(What to work on):
Where does the string "have" appear in the records? Copy each line that holds it.

(Collected data):
_ _ _

(* Let $\mathcal{H}$ be an $n$-dimensional (real or complex) Hilbert space, let $F=\{f_i\}_{i=1}^N$ be a frame for $\mathcal{H}$, and let $\{q_i\}_{i=1}^N$ be the weight number sequence associated with a probability sequence $\{p_i\}_{i=1}^N$. Then the set $\Delta_F^{(1)}$ of all 1-erasure probabilistic averaged spectrally optimal dual frames (PASOD-frames) of $F$ is convex.
   Context: A finite sequence $F=\{f_i\}_{i=1}^N$ in $\mathcal{H}$ is a frame if there are $A,B>0$ with $A\|f\|^2\le\sum_{i=1}^N|\langle f,f_i\rangle|^2\le B\|f\|^2$ for all $f\in\mathcal{H}$. A frame $G=\{g_i\}_{i=1}^N$ is a dual frame of $F$ if $f=\sum_{i=1}^N\langle f,f_i\rangle g_i=\sum_{i=1}^N\langle f,g_i\rangle f_i$ for all $f\in\mathcal{H}$. A probability sequence is $\{p_i\}_{i=1}^N$ with $0\le p_i\le 1$ and $\sum_{i=1}^N p_i=1$; its weight numbers are $q_i=\frac{\sum_{j=1}^N p_j}{\sum_{j=1}^N p_j-p_i}\cdot\frac{N-1}{n}$. For $\Lambda\subseteq\{1,\dots,N\}$ and a dual $G$ of $F$, the error operator is $E_{\Lambda,(F,G)}f=\sum_{i\in\Lambda}q_i\langle f,f_i\rangle g_i$. Define $\mathcal{A}_P^{(1)}(F,G)=\max_{|\Lambda|=1}\frac{\|E_{\Lambda,(F,G)}\|+\rho(E_{\Lambda,(F,G)})}{2}$, where $\|\cdot\|$ is the operator norm and $\rho$ the spectral radius, and $\mathcal{A}_P^{(1)}(F)=\inf\{\mathcal{A}_P^{(1)}(F,G): G \text{ a dual of } F\}$. A dual $G$ of $F$ is a 1-erasure PASOD-frame of $F$ if $\mathcal{A}_P^{(1)}(F,G)=\mathcal{A}_P^{(1)}(F)$; $\Delta_F^{(1)}$ denotes the set of these. *)

From mathcomp Require Import all_boot all_order all_algebra.
From mathcomp Require Import classical_sets reals.
From mathcomp.real_closed Require Import complex.

Set Implicit Arguments.
Unset Strict Implicit.
Unset Printing Implicit Defensive.

Import Order.TTheory GRing.Theory Num.Theory.
Local Open Scope classical_set_scope.
Local Open Scope ring_scope.

(* The n-dimensional Hilbert space H is modelled as K^n (column vectors),
   K = R or K = C = R[i].  Both are realised inside 'cV[R[i]]_n:
   the real space R^n is the set of vectors with real (zero-imaginary) entries. *)
Inductive scalar_field := RealField | ComplexField.

Section Frames.
Variable R : realType.
Local Notation C := R[i].

Definition is_scalar (k : scalar_field) (z : C) : Prop :=
  if k is RealField then Im z = 0 else True.

Definition inH (k : scalar_field) (n : nat) (x : 'cV[C]_n) : Prop :=
  forall j, is_scalar k (x j 0).

Definition absc (z : C) : R := Normc.normc z.

Definition inner (n : nat) (x y : 'cV[C]_n) : C :=
  \sum_(j < n) x j 0 * conjc (y j 0).

Definition hnorm (n : nat) (x : 'cV[C]_n) : R :=
  Num.sqrt (\sum_(j < n) absc (x j 0) ^+ 2).

Definition is_frame (k : scalar_field) (n N : nat) (F : 'I_N -> 'cV[C]_n) : Prop :=
  (forall i, inH k (F i)) /\
  exists A B : R, 0 < A /\ 0 < B /\
    forall f, inH k f ->
      A * hnorm f ^+ 2 <= \sum_(i < N) absc (inner f (F i)) ^+ 2 /\
      \sum_(i < N) absc (inner f (F i)) ^+ 2 <= B * hnorm f ^+ 2.

Definition is_dual (k : scalar_field) (n N : nat) (F G : 'I_N -> 'cV[C]_n) : Prop :=
  is_frame k G /\
  forall f, inH k f ->
    f = \sum_(i < N) inner f (F i) *: G i /\
    f = \sum_(i < N) inner f (G i) *: F i.

Definition prob_seq (N : nat) (p : 'I_N -> R) : Prop :=
  (forall i, 0 <= p i <= 1) /\ \sum_(i < N) p i = 1.

Definition weight (n N : nat) (p : 'I_N -> R) (i : 'I_N) : R :=
  (\sum_(j < N) p j) / (\sum_(j < N) p j - p i) * ((N%:R - 1) / n%:R).

(* error operator E_{Lambda,(F,G)} f = sum_{i in Lambda} q_i <f,f_i> g_i,
   as the matrix  sum_{i in Lambda} q_i g_i f_i^*  acting on column vectors *)
Definition err_op (n N : nat) (q : 'I_N -> R) (L : {set 'I_N})
    (F G : 'I_N -> 'cV[C]_n) : 'M[C]_n :=
  \sum_(i in L) (real_complex R (q i)) *: (G i *m \row_(j < n) conjc (F i j 0)).

Definition opnorm (k : scalar_field) (n : nat) (T : 'M[C]_n) : R :=
  sup [set hnorm (T *m x) | x in [set x | inH k x /\ hnorm x = 1]].

(* (complex) eigenvalues; for real H this is the spectrum of the complexification *)
Definition is_eigenvalue (n : nat) (T : 'M[C]_n) (l : C) : Prop :=
  exists x : 'cV[C]_n, x != 0 /\ T *m x = l *: x.

Definition specrad (n : nat) (T : 'M[C]_n) : R :=
  sup [set absc l | l in [set l | is_eigenvalue T l]].

Definition AP1 (k : scalar_field) (n N : nat) (p : 'I_N -> R)
    (F G : 'I_N -> 'cV[C]_n) : R :=
  \big[Num.max/0]_(L : {set 'I_N} | #|L| == 1%N)
     ((opnorm k (err_op (weight n p) L F G) +
       specrad (err_op (weight n p) L F G)) / 2).

Definition AP1_opt (k : scalar_field) (n N : nat) (p : 'I_N -> R)
    (F : 'I_N -> 'cV[C]_n) : R :=
  inf [set AP1 k p F G | G in [set G | is_dual k F G]].

Definition PASOD1 (k : scalar_field) (n N : nat) (p : 'I_N -> R)
    (F : 'I_N -> 'cV[C]_n) : set ('I_N -> 'cV[C]_n) :=
  [set G | is_dual k F G /\ AP1 k p F G = AP1_opt k p F].

Definition convex_frames (n N : nat) (S : set ('I_N -> 'cV[C]_n)) : Prop :=
  forall G1 G2, S G1 -> S G2 -> forall t : R, 0 <= t <= 1 ->
    S (fun i => real_complex R t *: G1 i + real_complex R (1 - t) *: G2 i).

End Frames.

(* Real convex combinations of two dual frames of F are again dual frames: the
   reconstruction formulas are affine in G, the upper frame bound of the
   combination is the combination of the upper bounds, and any G with
   f = sum <f, g_i> f_i has lower frame bound 1/B when B is an upper bound of F.
   On the other hand G |-> A_P^(1)(F, G) is convex: for a single erasure the
   error operator is the rank-one operator (q_i g_i) f_i^*, which is affine in G;
   its operator norm is a convex function of it, and its spectral radius is
   |q_i <g_i, f_i>|, again convex in G.  So a convex combination of two
   minimisers is a dual frame whose value is at most the minimum, hence a
   minimiser. *)

From mathcomp Require Import all_boot all_order all_algebra.
From mathcomp Require Import classical_sets reals.
From mathcomp.real_closed Require Import complex.
From mathcomp Require Import ring lra.
Import Order.TTheory GRing.Theory Num.Theory.
Local Open Scope classical_set_scope.
Local Open Scope ring_scope.
Local Open Scope complex_scope.

Section CauchySchwarz.
Variables (R : rcfType) (I : finType).
Implicit Types a b : I -> R.

Lemma CauchySchwarz_sum a b :
  (\sum_i a i * b i) ^+ 2 <= (\sum_i a i ^+ 2) * \sum_i b i ^+ 2.
Proof.
set A := \sum_i a i ^+ 2; set B := \sum_i b i ^+ 2; set S := \sum_i a i * b i.
have B_ge0 : 0 <= B by apply: sumr_ge0 => i _; apply: sqr_ge0.
have [B0 | B_neq0] := eqVneq B 0.
  have b0 i : b i = 0.
    by apply/eqP; rewrite -sqrf_eq0; apply/eqP/(psumr_eq0P _ B0) => // j _; apply: sqr_ge0.
  by rewrite /S big1 ?expr0n ?B0 ?mulr0 // => i _; rewrite b0 mulr0.
have B_gt0 : 0 < B by rewrite lt_def B_neq0.
have : 0 <= \sum_i (B * a i - S * b i) ^+ 2 by apply: sumr_ge0 => i _; apply: sqr_ge0.
have expand i : (B * a i - S * b i) ^+ 2 =
    B ^+ 2 * a i ^+ 2 - (2 * B * S) * (a i * b i) + S ^+ 2 * b i ^+ 2 by ring.
rewrite (eq_bigr _ (fun i _ => expand i)) big_split sumrB /= -!mulr_sumr -/A -/B -/S.
have -> : B ^+ 2 * A - 2 * B * S * S + S ^+ 2 * B = B * (A * B - S ^+ 2) by ring.
by rewrite pmulr_rge0 // subr_ge0.
Qed.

_ _ _

(Exercise output):
have B_ge0 : 0 <= B by apply: sumr_ge0 => i _; apply: sqr_ge0.
have [B0 | B_neq0] := eqVneq B 0.
  have b0 i : b i = 0.
have B_gt0 : 0 < B by rewrite lt_def B_neq0.
have : 0 <= \sum_i (B * a i - S * b i) ^+ 2 by apply: sumr_ge0 => i _; apply: sqr_ge0.
have expand i : (B * a i - S * b i) ^+ 2 =
have -> : B ^+ 2 * A - 2 * B * S * S + S ^+ 2 * B = B * (A * B - S ^+ 2) by ring.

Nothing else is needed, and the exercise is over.